» **Goal of the exercise**:
Hunt through the entries for the word "Implicit" and copy each line in which it appears.

(Stored items from a collection)

(* Let $\Omega$ be a set, $n\ge1$, and let $H_1,\ldots,H_n,G$ be subgroups of $\mathrm{Sym}(\Omega)$ such that $(H_1,\ldots,H_n)$ is confined by $G$. Let $P$ be a confining subset for $(H_1,\ldots,H_n,G)$, let $r=|P|$, and assume that $\{\Omega_\sigma\}_{\sigma\in P}$ is a displacement configuration for $P$ such that for every $\sigma\in P$ the group $\mathrm{Rist}_G(\Omega_\sigma)$ is non-trivial and $\mathrm{FC}_{\leqslant nr}(\mathrm{Rist}_G(\Omega_\sigma))=\{1\}$. Then for every $\sigma\in P$ and $k\le n$ such that $D_{\sigma,k}$ has index at most $nr$ in $R$, there exists $\rho\in M_\sigma$ such that $H_k$ contains a non-trivial subgroup $N\le\mathrm{Rist}_G(\Omega_\rho)$ that is normalized by $D_{\sigma,k}$. Moreover, if $\mathrm{Rist}_G(\Omega_\rho)$ is finitely generated for all $\rho\in M_\sigma$, then one can find a finitely generated subgroup $L$ of $H_k$ that contains $N$.
   Context: $\mathrm{Sym}(\Omega)$ is the group of permutations of $\Omega$. The $n$-tuple $(H_1,\ldots,H_n)$ is confined by $G$ if there is a finite set $P$ of non-trivial elements of $\mathrm{Sym}(\Omega)$ such that for every $g\in G$ there is $j$ with $gH_jg^{-1}\cap P\ne\varnothing$; $P$ is then a confining subset for $(H_1,\ldots,H_n,G)$. For $\Sigma\subset\Omega$, $\mathrm{Rist}_G(\Sigma)$ is the set of elements of $G$ fixing $\Omega\setminus\Sigma$ pointwise. $\mathrm{FC}_{\leqslant m}(K)$ denotes the set of elements of $K$ whose conjugacy class has at most $m$ elements. A collection $\{\Omega_\sigma\}_{\sigma\in P}$ of non-empty subsets of $\Omega$ is a displacement configuration for $P$ if: (C1) for all $\sigma,\rho\in P$, $\Omega_\sigma=\Omega_\rho$ or $\Omega_\sigma\cap\Omega_\rho=\varnothing$; (C3) for all $\sigma,\rho\in P$, either $\sigma$ fixes $\Omega_\rho$ pointwise or $\sigma(\Omega_\rho)\cap\bigcup_{\alpha\in P}\Omega_\alpha=\varnothing$; (C4) for all $\sigma\in P$, $\sigma(\Omega_\sigma)$ is disjoint from $\bigcup_{\alpha\in P}\Omega_\alpha$ and from $\bigcup_{\alpha\in P}\sigma^{-1}(\Omega_\alpha)$. Notation: $R$ is the subgroup of $G$ generated by the groups $\mathrm{Rist}_G(\Omega_\sigma)$, $\sigma\in P$. For $\sigma\in P$ and $k\le n$, $Y_{\sigma,k}=\{\gamma\in R:\gamma\sigma\gamma^{-1}\in H_k\}$ and $D_{\sigma,k}=\langle\gamma\delta^{-1}:\gamma,\delta\in Y_{\sigma,k}\rangle$. For $\sigma\in P$, $M_\sigma$ is the set of $\rho\in P$ such that $\sigma(\Omega_\rho)$ is disjoint from $\Omega_\alpha$ for all $\alpha\in P$. *)

(* Permutations of a set Omega (a Type) are represented as
   functions Omega -> Omega; subgroups of Sym(Omega) as predicates on such
   functions whose members are bijections (see [is_subgroup]).
   Equality of permutations is pointwise. *)
From Stdlib Require Import List Arith.
Import ListNotations.
Set Implicit Arguments.
Unset Strict Implicit.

» **Completed exercise**:
Set Implicit Arguments.
Unset Strict Implicit.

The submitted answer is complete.